The new Netfilter Linux system of 4.x NFTables, a few simple tips for your server

In 2008, a new project has been introduced titled as nftables designed to replace for iptables administrators familiar linux. At the lapse of 10 years, it began to emerge in Linux distributives with core version later than 3.20 (debian, ubuntu, fedora).

In the middle of 2018, developers of NetFilter subsystem from Linux decided to consider iptables a legacy.  This has been announced on their Netfilter Workshop 2018 on June 16 (http://ral-arturo.org/2018/06/16/nfws2018.html).

There is every likelihood that in the future core revisions, the xt_ * modules development for iptables will be suspended with only hotfixes being acceptable. Instead, the developers will focus on the evolvement of a new nftables subsystem and functionality upgrade.
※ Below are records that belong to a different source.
Lemma top_eigenvector_norm (v : 'rV[C]_n) : v != 0 -> v *m M = mu *: v ->
  map_mx Num.norm v *m M = mu *: map_mx Num.norm v.
Proof.
move=> vn0 ev; apply: (rayleigh_eq_eigenvector hermM mu_max).
apply/le_anti; rewrite rayleigh_le //= dotmx_norm.
have eig_mu : eigenvalue M mu by apply/eigenvalueP; exists v.
have <- : dotmx (v *m M) v = mu * dotmx v v by rewrite ev dotmxZl.
have quad_real : dotmx (v *m M) v \is Num.real.
  rewrite ev dotmxZl realM ?(hermitian_eigenvalue_real hermM eig_mu) //.
  by rewrite ger0_real ?dnorm_ge0.
apply: le_trans (real_ler_norm quad_real) _.
rewrite !dotmx_mulmx_sumE; apply: le_trans (ler_norm_sum _ _ _) _.
apply: ler_sum => i _; apply: le_trans (ler_norm_sum _ _ _) _.
apply: ler_sum => j _.
by rewrite !mxE !normrM norm_conjC geC0_conj ?normr_ge0 // (ger0_norm (M_ge0 i j)).
Qed.

Lemma top_eigenvector_entries_neq0 (v : 'rV[C]_n) : v != 0 -> v *m M = mu *: v ->
  forall i, v 0 i != 0.
Proof.
move=> vn0 ev i.
have normv_ge0 j : 0 <= map_mx Num.norm v 0 j by rewrite mxE normr_ge0.
have normv0 : map_mx Num.norm v != 0 by rewrite map_norm_rV_eq0.
have := nonneg_eigenvector_entries_neq0 normv_ge0 normv0 (top_eigenvector_norm vn0 ev) i.
by rewrite mxE normr_eq0.
Qed.

Lemma top_eigenvectors_collinear (v w : 'rV[C]_n) :
  v != 0 -> v *m M = mu *: v -> w *m M = mu *: w -> exists c, w = c *: v.
Proof.
move=> vn0 ev ew; have /rV0Pn [i vi0] := vn0.
exists (w 0 i / v 0 i); set c := _ / _.
have ez : (w - c *: v) *m M = mu *: (w - c *: v).
  by rewrite mulmxBl -scalemxAl ev ew scalerBr !scalerA mulrC.
apply/eqP; rewrite -subr_eq0; apply: contraLR isT => zn0.
by have := top_eigenvector_entries_neq0 zn0 ez i; rewrite !mxE divfK ?subrr ?eqxx.
Qed.

Lemma top_eigenvector_phase (v : 'rV[C]_n) : v != 0 -> v *m M = mu *: v ->
  exists2 c, c != 0 & v = c *: map_mx Num.norm v.
Proof.
move=> vn0 ev; have normv0 : map_mx Num.norm v != 0 by rewrite map_norm_rV_eq0.
have [c vE] := top_eigenvectors_collinear normv0 (top_eigenvector_norm vn0 ev) ev.
by exists c => //; apply: contraNneq vn0 => c0; rewrite vE c0 scale0r.
Qed.

End PerronFrobenius.

Section SearchHamiltonian.
Variables (C : numClosedFieldType) (n : nat) (adj : rel 'I_n) (W : {set 'I_n}).
Variable gamma : C.
Hypotheses (adj_sym : symmetric adj) (gamma_gt0 : 0 < gamma).
Local Notation A := (adjmx C adj).
Local Notation M := (- search_ham adj W gamma).

Lemma adjmx_ge0 i j : 0 <= A i j.
Proof. by rewrite mxE ler0n. Qed.

Lemma adjmx_gt0 i j : adj i j -> 0 < A i j.
Proof. by rewrite mxE => ->; rewrite ltr01. Qed.

Lemma adjmx_hermitian : A \is hermsymmx.
Proof.
apply: realsym_hermsym.
  by apply/is_hermitianmxP; apply/matrixP => i j; rewrite !mxE expr0 mul1r adj_sym.
by apply/mxOverP => i j; rewrite ger0_real ?adjmx_ge0.
Qed.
Let us leave ‘off screen’ those things about the time-proved ‘old ox’ that did not sit well with the developers and simply take up enumerating new system’s features visible to the administrators, i.e. the ultimate users familiar with the iptables:

  • The absence of the usual built-in chains of algorithms and tables such as INPUT, FORWARD, OUTPUT, etc. The user specifies and names the tables (raw, filter, nat, mangle) and chains himself. For this you need a deeper understanding of the Netfilter system running and a more contemplative reading of a diagram in its documentation. It is possible to specify the customarily used chains with customary names, in which case the unused tables and algorithm chains in your firewall configuration simply will not occupy corememory space and thus save some CPU resources too.
  • A built-in host of functions that is partially covering the ipset utility capabilities.
  • A consolidation of iptables, ebtables, arptables, ip6tables in 1 utility with a single core and userspace codebase, which is essential for the users of KVM + Linux bridge visualization with complex anti-spoofing filters and MAC and IP whitelists.
  • Packet and byte counters are optional and, if considered necessary, have to be specified explicitly – in the new terminology, it is a nonterminating action.
  • Completely rewritten syntax, which can be considered as a plus as well as a minus depending on the standpoint, as will be referred to below.
  • Covers about 75% of all the iptables modules host of functions. For more information visit https://wiki.nftables.org/wiki-nftables/index.php/Supported_features_compared_to_xtables . Functional support is gradually increasing and new filter modules appear in the later versions of the core.

New syntax drawbacks:

  • The necessity to learn another syntax, which takes up time. And you still need to remember both syntaxes, since the old one is still in use. This drawback is partially compensated by the iptables-translate program.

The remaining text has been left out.